A client program (e.g. browser) either has to explicitly specify the proxy server it wants to use (typical for ISP customers), or it could be using a proxy without any extra configuration: "transparent caching,", in which case all outgoing HTTP requests are intercepted by Squid and all responses are cached. The latter is typically a corporate set-up (all clients are on the same LAN).
Squid has some features that can further help anonymize connections, such as disabling or changing specific header fields in a client's HTTP requests. See the documentation for header_access and header_replace for further details.
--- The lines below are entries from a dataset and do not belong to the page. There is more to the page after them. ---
Theorem proposition13 (d : measure_display) (Omega : measurableType d)
  (R : realType) (P : probability Omega R)
  (G : set (set Omega)) (LF LG Lstar : set (Omega -> R)) (pi : (Omega -> R) -> (Omega -> R)) :
  (* G is a sub-sigma-algebra of F *)
  sigma_algebra setT G -> G `<=` measurable ->
  (* standing assumptions on L_F, L_G *)
  (forall X, LF X -> measurable_fun setT X) -> vlattice_ind measurable LF ->
  (forall X, LG X -> Gmeas G X) -> vlattice_ind G LG ->
  (* standing assumptions on the dual L_F^* (represented by densities Z) *)
  (forall Z, Lstar Z -> measurable_fun setT Z /\ P.-integrable setT (EFin \o Z)) ->
  (forall Z X, Lstar Z -> LF X -> P.-integrable setT (EFin \o (fun w => Z w * X w))) ->
  vlattice_ind measurable Lstar ->
  (forall phi : (Omega -> R) -> R, oc_functional P LF phi <->
     exists2 Z, Lstar Z & forall X, LF X -> phi X = pair_E P Z X) ->
  (* hypotheses of the proposition *)
  C_property P LF Lstar -> ocomplete P LF ->
  (forall X, LF X -> LG (pi X)) ->
  (* (MON) *)
  (forall X Y, LF X -> LF Y -> ale P X Y -> ale P (pi X) (pi Y)) ->
  (* (QCO) *)
  (forall X Y (Lam : Omega -> R), LF X -> LF Y -> Gmeas G Lam ->
     ale P (fun _ => 0) Lam -> ale P Lam (fun _ => 1) ->
     LF (fun w => Lam w * X w + (1 - Lam w) * Y w) ->
     ale P (pi (fun w => Lam w * X w + (1 - Lam w) * Y w))
           (fun w => Num.max (pi X w) (pi Y w))) ->
  (w_lsc P LF Lstar LG pi <-> cont_below P LF pi).
Proof.
move=> sG _ _ vLF GmLG vLG _ _ _ dual Cp ocp piLG mon qco.
have dualZ Z : Lstar Z -> oc_functional P LF (pair_E P Z) by move=> LZ; apply/dual; exists Z.
split; first exact: (w_lsc_cont_below (pi := pi) vLF dualZ sG GmLG vLG piLG mon).
exact: (cont_below_w_lsc (LG := LG) vLF ocp sG qco Cp mon).
Qed.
The above set-up - caching the contents of an unlimited number of webservers for a limited number of clients - is the classical one. Another set-up is 'reverse-proxy' or 'webserver acceleration' (using httpd_accel_host). In this set-up, the cache serves an unlimited number of clients for a limited number of - or just one - web servers.
Suppose slow.example.com is a 'real' web server, and www.example.com is a Squid cache server that 'accelerates' it. The first time any page was requested from www.example.com, the cache server would get the actual page from slow.example.com, but for the next hour/day/year (matter of cache configuration) every next request would get this stored copy directly from the accelerator. Result: less traffic on the source server, which means less CPU usage, less memory usage and less bandwidth.
It is possible for a single Squid server to serve both as a normal and a reverse proxy simultaneously.